Machine learning–integrated spatial decision framework for sustainable offshore wind and marine spatial planning: A Black Sea case study


Başeğmez M., Doğan A.

ENGINEERING APPLICATIONS OF ARTIFICIAL INTELLIGENCE, cilt.115424, ss.1-27, 2026 (SCI-Expanded, Scopus)

  • Yayın Türü: Makale / Tam Makale
  • Cilt numarası: 115424
  • Basım Tarihi: 2026
  • Doi Numarası: 10.1016/j.engappai.2026.115424
  • Dergi Adı: ENGINEERING APPLICATIONS OF ARTIFICIAL INTELLIGENCE
  • Derginin Tarandığı İndeksler: Applied Science & Technology Source, Academic Search Ultimate (EBSCO), Engineering Source (EBSCO), Scopus, Science Citation Index Expanded (SCI-EXPANDED), Compendex, INSPEC
  • Sayfa Sayıları: ss.1-27
  • Hacettepe Üniversitesi Adresli: Evet

Özet

A newly developed integrated Fuzzy Analytic Hierarchy Process (FAHP), Entropy Weight Method (EWM), Machine Learning (ML), and Half-Quadratic Programming (HQ Programming) framework within a Geographic Information System (GIS) environment was designed for offshore wind farm (OWF) site selection. This hybrid methodology was applied to the Samsun–Ordu–Giresun continental shelf along the southern Black Sea to identify technically feasible, environmentally compatible, and policy-relevant offshore wind development zones. The scientific problem addressed in this work is the limited ability of conventional GIS–multi-criteria decision-making (MCDM) approaches to reconcile uncertain expert judgments, objective spatial variability, and data-driven criterion relevance within a single transparent weighting structure. FAHP represented expert judgments under uncertainty, while EWM provided objective entropy-based weights derived from geospatial variability. Five supervised ML algorithms—Decision Tree, Extreme Gradient Boosting (XGBoost), Ridge Classifier, Multi-Layer Perceptron (MLP), and Support Vector Machines (SVM)—were implemented using Annual Energy Production (AEP) as the target variable to quantify the empirical importance of spatial criteria. HQ Programming merged FAHP, EWM, and ML-based weights into a unified balance between subjective and objective assessments.

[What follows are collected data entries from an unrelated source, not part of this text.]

(* Let $M,M'$ be positive integers, $L_1\ge2$, $L_2\ge1$, and let $\Gamma_{1,1},\dots,\Gamma_{1,L_1},\Gamma_{2,1},\dots,\Gamma_{2,L_2}$ be pairwise co-prime positive integers with $\Gamma_{1,1}=\dot\Gamma_{1,1}M'$ for some integer $\dot\Gamma_{1,1}$. Consider the moduli $M_i=M\Gamma_{1,i}$ for $1\le i\le L_1$ and $M_{L_1+i}=MM'\Gamma_{2,i}$ for $1\le i\le L_2$. Let $N$ be an integer with $0\le N<\operatorname{lcm}(M_1,\dots,M_{L_1+L_2})$, let $r_i$ be the remainder of $N$ modulo $M_i$, $n_i=(N-r_i)/M_i$, and let $\tilde r_i$ be integers with $0\le\tilde r_i\le M_i-1$ and $|\tilde r_i-r_i|\le\tau_i$, where $$\tau_1<M/4,\qquad \tau_i\le M/4\ (2\le i\le L_1),\qquad \tau_i\le MM'/2-M/4\ (L_1+1\le i\le L_1+L_2).$$ Then the single-stage algorithm (described in the context) run on $M_1,\dots,M_{L_1+L_2}$ with reference index $1$ and inputs $\tilde r_i$ outputs $\hat n_i=n_i$ for all $1\le i\le L_1+L_2$.
   Context: For $x\in\mathbb R$, $[x]$ denotes the unique integer with $-1/2\le x-[x]<1/2$. Single-stage algorithm: let $P_1,\dots,P_m$ ($m\ge2$) be pairwise distinct positive integers, $k\in\{1,\dots,m\}$ a reference index, and $x_1,\dots,x_m$ integers. For each $i\ne k$ put $m_{ki}=\gcd(P_k,P_i)$, $\Gamma_{ki}=P_k/m_{ki}$, $\Gamma_{ik}=P_i/m_{ki}$, $\hat q_{ik}=[(x_i-x_k)/m_{ki}]$; let $\bar\Gamma_{ki}$ be a multiplicative inverse of $\Gamma_{ki}$ modulo $\Gamma_{ik}$, and let $\hat\xi_{ik}\in\{0,\dots,\Gamma_{ik}-1\}$ with $\hat\xi_{ik}\equiv\hat q_{ik}\bar\Gamma_{ki}\pmod{\Gamma_{ik}}$. Let $\hat n_k$ be the least nonnegative integer $y$ with $y\equiv\hat\xi_{ik}\pmod{\Gamma_{ik}}$ for all $i\ne k$ (if no such $y$ exists the algorithm fails). For $i\ne k$ set $\hat n_i=(\hat n_k\Gamma_{ki}-\hat q_{ik})/\Gamma_{ik}$. Outputs: $\hat n_1,\dots,\hat n_m$ and the estimate $[\frac1m\sum_{i=1}^m(\hat n_iP_i+x_i)]$. *)

From Stdlib Require Import ZArith Reals List.
Open Scope Z_scope.

(* [x] = the unique integer z with -1/2 <= x - z < 1/2,
   i.e. x - 1/2 < z <= x + 1/2, i.e. z = up (x - 1/2)
   (Stdlib: up y is the unique integer with y < up y <= y + 1). *)
Definition nround (x : R) : Z := up (x - / 2)%R.

Definition mgcd (P : nat -> Z) (a b : nat) : Z := Z.gcd (P a) (P b).
Definition Gam (P : nat -> Z) (a b : nat) : Z := P a / mgcd P a b.
Definition qhat (P x : nat -> Z) (i k : nat) : Z :=
  nround (IZR (x i - x k) / IZR (mgcd P k i))%R.
(* xihat_{ik} in {0,..,Gamma_ik - 1}, congruent to qhat_{ik} * Gbar_{ki} mod Gamma_ik;
   Gbar i stands for the chosen inverse Gbar_{ki}. *)
Definition xihat (P x Gbar : nat -> Z) (i k : nat) : Z :=
  (qhat P x i k * Gbar i) mod Gam P i k.

Definition valid_inverses (m k : nat) (P Gbar : nat -> Z) : Prop :=
  forall i, (1 <= i <= m)%nat -> i <> k ->
    (Gam P i k | Gam P k i * Gbar i - 1).

(* nh is the output (nhat_1,...,nhat_m) of the single-stage algorithm
   (which in particular does not fail) for the given choice Gbar of inverses. *)
Definition single_stage_output (m k : nat) (P x Gbar nh : nat -> Z) : Prop :=
  (0 <= nh k
   /\ (forall i, (1 <= i <= m)%nat -> i <> k -> (Gam P i k | nh k - xihat P x Gbar i k))
   /\ (forall y, 0 <= y ->
         (forall i, (1 <= i <= m)%nat -> i <> k -> (Gam P i k | y - xihat P x Gbar i k)) ->
         nh k <= y))
  /\ (forall i, (1 <= i <= m)%nat -> i <> k ->
        nh i = (nh k * Gam P k i - qhat P x i k) / Gam P i k).

Definition lcm_upto (P : nat -> Z) (m : nat) : Z :=
  fold_left Z.lcm (map P (seq 1 m)) 1.

Definition Gall (L1 : nat) (G1 G2 : nat -> Z) (j : nat) : Z :=
  if (j <=? L1)%nat then G1 j else G2 (j - L1)%nat.

Definition Mods (M M' : Z) (L1 : nat) (G1 G2 : nat -> Z) (j : nat) : Z :=
  if (j <=? L1)%nat then M * G1 j else M * M' * G2 (j - L1)%nat.

(** Writing [N = n_i P_i + r_i] and [P_i = Gamma_ik m_ki], the scaled residue
    difference [(x_i - x_k) / m_ki] equals the integer
    [n_k Gamma_ki - n_i Gamma_ik] up to an error of modulus below [1/2] as long
    as the two residue errors sum to less than [m_ki / 2]; so rounding returns it
    exactly.  Multiplying by the inverse of [Gamma_ki] then gives
    [n_k = xi_ik mod Gamma_ik] for every [i], and any smaller nonnegative solution
    [y] would make [(n_k - y) P_k] a positive common multiple of all [P_i] not
    exceeding [N], contradicting [N < lcm].  In the setting of the corollary,
    [M] divides every [m_1i] and [M M'] divides [m_1i] for [i > L1], which is
    exactly what the bounds on the [tau_i] are designed for. *)

From Stdlib Require Import ZArith Reals List Lia Lra Znumtheory.
Open Scope Z_scope.

Lemma nround_div_add (g q a : Z) :
  0 < g -> (Rabs (IZR a) < IZR g / 2)%R -> nround (IZR (g * q + a) / IZR g) = q.
Proof.
  intros Hg Ha.
  assert (Hg' : (0 < IZR g)%R) by (apply IZR_lt; lia).
  apply Rabs_def2 in Ha.
  set (t := (IZR a / IZR g)%R).
  assert (Et : IZR a = (t * IZR g)%R) by (unfold t; field; lra).
  assert (E : (IZR (g * q + a) / IZR g = IZR q + t)%R)
    by (unfold t; rewrite plus_IZR, mult_IZR; field; lra).
  unfold nround; rewrite E; symmetry; apply tech_up; nra.
Qed.

Lemma Z_sub_mod_div (N p : Z) : 0 < p -> (N - N mod p) / p = N / p.
Proof.
  intros Hp; rewrite Z.mod_eq by lia.
  replace (N - (N - p * (N / p))) with (N / p * p) by ring.
  apply Z.div_mul; lia.
Qed.

Lemma mgcd_comm (P : nat -> Z) (a b : nat) : mgcd P a b = mgcd P b a.
Proof. apply Z.gcd_comm. Qed.

Lemma mgcd_pos (P : nat -> Z) (a b : nat) : 0 < P a -> 0 < mgcd P a b.
Proof.
  intros Ha; pose proof (Z.gcd_nonneg (P a) (P b)) as Hnn.
  pose proof (Z.gcd_eq_0_l (P a) (P b)); unfold mgcd; lia.
Qed.

Lemma divide_mgcd_le (P : nat -> Z) (a b : nat) (d : Z) :
  0 < P a -> (d | P a) -> (d | P b) -> d <= mgcd P a b.
Proof.
  intros Ha Hda Hdb; apply Z.divide_pos_le; [now apply mgcd_pos|].
  now apply Z.gcd_greatest.
Qed.

Lemma mgcd_mul_Gam (P : nat -> Z) (a b : nat) :
  0 < P a -> P a = mgcd P a b * Gam P a b.
Proof.
  intros Ha; apply Zdivide_Zdiv_eq; [now apply mgcd_pos | apply Z.gcd_divide_l].
Qed.

Lemma Gam_pos (P : nat -> Z) (a b : nat) : 0 < P a -> 0 < Gam P a b.
Proof.
  intros Ha; pose proof (mgcd_mul_Gam P a b Ha); pose proof (mgcd_pos P a b Ha).
  nia.
Qed.

Lemma fold_left_lcm_divide (l : list Z) (a X : Z) :
  (a | X) -> (forall z, In z l -> (z | X)) -> (fold_left Z.lcm l a | X).
Proof.
  revert a; induction l as [|z l IH]; intros a Ha Hl; simpl; auto.
  apply IH; [apply Z.lcm_least; auto; apply Hl; simpl; auto|].
  intros w Hw; apply Hl; simpl; auto.
Qed.

Lemma lcm_upto_divide (P : nat -> Z) (m : nat) (X : Z) :
  (forall j, (1 <= j <= m)%nat -> (P j | X)) -> (lcm_upto P m | X).
Proof.
  intros H; apply fold_left_lcm_divide; [apply Z.divide_1_l|].
  intros z Hz; apply in_map_iff in Hz as [j [<- Hj]]; apply in_seq in Hj.
  apply H; lia.
Qed.

Section SingleStage.

Variables (m k : nat) (P x Gbar : nat -> Z) (N : Z).

Hypothesis P_pos : forall i, (1 <= i <= m)%nat -> 0 < P i.
Hypothesis k_range : (1 <= k <= m)%nat.
Hypothesis N_range : 0 <= N < lcm_upto P m.
Hypothesis Gbar_inv : valid_inverses m k P Gbar.
Hypothesis residue_errors : forall i, (1 <= i <= m)%nat -> i <> k ->
  (Rabs (IZR (x i - N mod P i)) + Rabs (IZR (x k - N mod P k))
     < IZR (mgcd P k i) / 2)%R.

Lemma qhat_eq (i : nat) : (1 <= i <= m)%nat -> i <> k ->
  qhat P x i k = N / P k * Gam P k i - N / P i * Gam P i k.
Proof.
  intros Hi Hik; unfold qhat.
  pose proof (P_pos k k_range); pose proof (P_pos i Hi).
  pose proof (mgcd_mul_Gam P k i (P_pos k k_range)) as Ek.
  pose proof (mgcd_mul_Gam P i k (P_pos i Hi)) as Ei; rewrite mgcd_comm in Ei.
  set (ei := x i - N mod P i); set (ek := x k - N mod P k).
  assert (Ex : x i - x k
               = mgcd P k i * (N / P k * Gam P k i - N / P i * Gam P i k) + (ei - ek)).
  { unfold ei, ek; rewrite !Z.mod_eq by lia; rewrite Ek at 2; rewrite Ei at 2; ring. }
  rewrite Ex; apply nround_div_add; [now apply mgcd_pos, P_pos|].
  eapply Rle_lt_trans; [|exact (residue_errors i Hi Hik)].
  rewrite minus_IZR.
  pose proof (Rabs_triang (IZR ei) (- IZR ek)) as T; rewrite Rabs_Ropp in T; exact T.
Qed.

Lemma xihat_congr (i : nat) : (1 <= i <= m)%nat -> i <> k ->
  (Gam P i k | N / P k - xihat P x Gbar i k).
Proof.
  intros Hi Hik.
  pose proof (Gam_pos P i k (P_pos i Hi)) as HG.
  destruct (Gbar_inv i Hi Hik) as [c Hc].
  unfold xihat; rewrite Z.mod_eq by lia; rewrite (qhat_eq i Hi Hik).
  set (q := (N / P k * Gam P k i - N / P i * Gam P i k) * Gbar i).
  exists (N / P i * Gbar i - N / P k * c + q / Gam P i k).
  assert (N / P k * (Gam P k i * Gbar i - 1) = N / P k * (c * Gam P i k))
    by now rewrite Hc.
  unfold q; nia.
Qed.

Lemma Gam_divide_mul (i : nat) (D : Z) : (1 <= i <= m)%nat ->
  (Gam P i k | D) -> (P i | D * P k).
Proof.
  intros Hi [t Ht].
  pose proof (mgcd_mul_Gam P k i (P_pos k k_range)) as Ek.
  pose proof (mgcd_mul_Gam P i k (P_pos i Hi)) as Ei; rewrite mgcd_comm in Ei.
  exists (t * Gam P k i); rewrite Ht, Ek, Ei; ring.
Qed.

Lemma quotient_minimal (y : Z) : 0 <= y ->
  (forall i, (1 <= i <= m)%nat -> i <> k -> (Gam P i k | y - xihat P x Gbar i k)) ->
  N / P k <= y.
Proof.
  intros Hy Hcongr.
  pose proof (P_pos k k_range) as Hk.
  destruct (Z_lt_le_dec y (N / P k)) as [Hlt|]; [exfalso|lia].
  set (D := N / P k - y).
  assert (Hmult : (lcm_upto P m | D * P k)).
  { apply lcm_upto_divide; intros j Hj.
    destruct (Nat.eq_dec j k) as [->|Hjk]; [now exists D|].
    apply Gam_divide_mul; [exact Hj|].
    replace D with ((N / P k - xihat P x Gbar j k) - (y - xihat P x Gbar j k))
      by (unfold D; ring).
    apply Z.divide_sub_r; [apply xihat_congr | apply Hcongr]; assumption. }
  apply Z.divide_pos_le in Hmult; [|unfold D; nia].
  pose proof (Z.mul_div_le N (P k) Hk).
  assert (D * P k <= N) by (unfold D; nia).
  lia.
Qed.

Theorem single_stage_recovers_quotients :
  single_stage_output m k P x Gbar (fun j => (N - N mod P j) / P j).
Proof.
  pose proof (P_pos k k_range) as Hk.
  split; [split; [|split]|].
  - rewrite Z_sub_mod_div by lia; apply Z.div_pos; lia.
  - intros i Hi Hik; rewrite Z_sub_mod_div by lia; now apply xihat_congr.
  - intros y Hy Hcongr; rewrite Z_sub_mod_div by lia; now apply quotient_minimal.
  - intros i Hi Hik; rewrite !Z_sub_mod_div by auto.
    pose proof (Gam_pos P i k (P_pos i Hi)).
    rewrite (qhat_eq i Hi Hik).
    replace (N / P k * Gam P k i - (N / P k * Gam P k i - N / P i * Gam P i k))
      with (N / P i * Gam P i k) by ring.
    rewrite Z.div_mul; lia.
Qed.

End SingleStage.

Lemma Mods_pos (M M' : Z) (L1 L2 : nat) (G1 G2 : nat -> Z) (j : nat) :
  0 < M -> 0 < M' ->
  (forall i, (1 <= i <= L1)%nat -> 0 < G1 i) ->
  (forall i, (1 <= i <= L2)%nat -> 0 < G2 i) ->
  (1 <= j <= L1 + L2)%nat -> 0 < Mods M M' L1 G1 G2 j.
Proof.
  intros HM HM' HG1 HG2 Hj; unfold Mods.
  destruct (Nat.leb_spec j L1).
  - specialize (HG1 j ltac:(lia)); nia.
  - specialize (HG2 (j - L1)%nat ltac:(lia)); nia.
Qed.

Lemma M_divide_Mods (M M' : Z) (L1 : nat) (G1 G2 : nat -> Z) (j : nat) :
  (M | Mods M M' L1 G1 G2 j).
Proof.
  unfold Mods; destruct (j <=? L1)%nat; [exists (G1 j) | exists (M' * G2 (j - L1)%nat)];
    ring.
Qed.

Lemma MM'_divide_Mods (M M' : Z) (L1 : nat) (G1 G2 : nat -> Z) (Gd11 : Z) (j : nat) :
  G1 1%nat = Gd11 * M' -> (j = 1 \/ L1 < j)%nat ->
  (M * M' | Mods M M' L1 G1 G2 j).
Proof.
  intros HGd Hj; unfold Mods; destruct (Nat.leb_spec j L1).
  - replace j with 1%nat by lia; rewrite HGd; exists Gd11; ring.
  - exists (G2 (j - L1)%nat); ring.
Qed.

Theorem corollary4 (M M' : Z) (L1 L2 : nat) (G1 G2 : nat -> Z) (Gd11 N : Z)
  (rt : nat -> Z) (tau : nat -> R) :
  0 < M -> 0 < M' -> (2 <= L1)%nat -> (1 <= L2)%nat ->
  (forall i, (1 <= i <= L1)%nat -> 0 < G1 i) ->
  (forall i, (1 <= i <= L2)%nat -> 0 < G2 i) ->
  (forall i j, (1 <= i <= L1 + L2)%nat -> (1 <= j <= L1 + L2)%nat -> i <> j ->
     Z.gcd (Gall L1 G1 G2 i) (Gall L1 G1 G2 j) = 1) ->
  G1 1%nat = Gd11 * M' ->
  0 <= N < lcm_upto (Mods M M' L1 G1 G2) (L1 + L2) ->
  (forall i, (1 <= i <= L1 + L2)%nat -> 0 <= rt i <= Mods M M' L1 G1 G2 i - 1) ->
  (forall i, (1 <= i <= L1 + L2)%nat ->
     (Rabs (IZR (rt i - N mod Mods M M' L1 G1 G2 i)) <= tau i)%R) ->
  (tau 1%nat < IZR M / 4)%R ->
  (forall i, (2 <= i <= L1)%nat -> (tau i <= IZR M / 4)%R) ->
  (forall i, (L1 + 1 <= i <= L1 + L2)%nat ->
     (tau i <= IZR M * IZR M' / 2 - IZR M / 4)%R) ->
  forall Gbar : nat -> Z,
    valid_inverses (L1 + L2) 1 (Mods M M' L1 G1 G2) Gbar ->
    single_stage_output (L1 + L2) 1 (Mods M M' L1 G1 G2) rt Gbar
      (fun j => (N - N mod Mods M M' L1 G1 G2 j) / Mods M M' L1 G1 G2 j).
Proof.
  intros HM HM' HL1 _ HG1 HG2 _ HGd HN _ Herr Htau1 Htau2 Htau3 Gbar Hinv.
  set (P := Mods M M' L1 G1 G2) in *.
  assert (HP : forall i, (1 <= i <= L1 + L2)%nat -> 0 < P i)
    by (intros; now apply Mods_pos with L2).
  apply single_stage_recovers_quotients; [exact HP | lia | exact HN | exact Hinv |].
  intros i Hi Hi1.
  pose proof (Herr i Hi); pose proof (Herr 1%nat ltac:(lia)).
  assert (HP1 : 0 < P 1%nat) by (apply HP; lia).
  destruct (Nat.le_gt_cases i L1) as [Hle|Hgt].
  - assert (Hgcd : M <= mgcd P 1 i)
      by (apply divide_mgcd_le; [exact HP1 | apply M_divide_Mods ..]).
    apply IZR_le in Hgcd; specialize (Htau2 i ltac:(lia)); lra.
  - assert (Hgcd : M * M' <= mgcd P 1 i)
      by (apply divide_mgcd_le; [exact HP1 | apply MM'_divide_Mods with Gd11; lia ..]).
    apply IZR_le in Hgcd; rewrite mult_IZR in Hgcd; specialize (Htau3 i ltac:(lia)); lra.
Qed.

Wind resource parameters contributed ∼18% to total suitability, infrastructural factors 16%, oceanographic–geophysical conditions 28%, and environmental–navigational constraints 30%. GIS-based analysis identified the Atakum–Ünye–Gülyalı corridor as the most favorable development zone. The framework helps decision-makers prioritize offshore wind investment areas, reduce conflicts with navigation and protected zones, and support grid- and port-oriented marine spatial planning. This study provides a transferable basis for explainable, data-calibrated spatial decision-making in offshore renewable energy planning.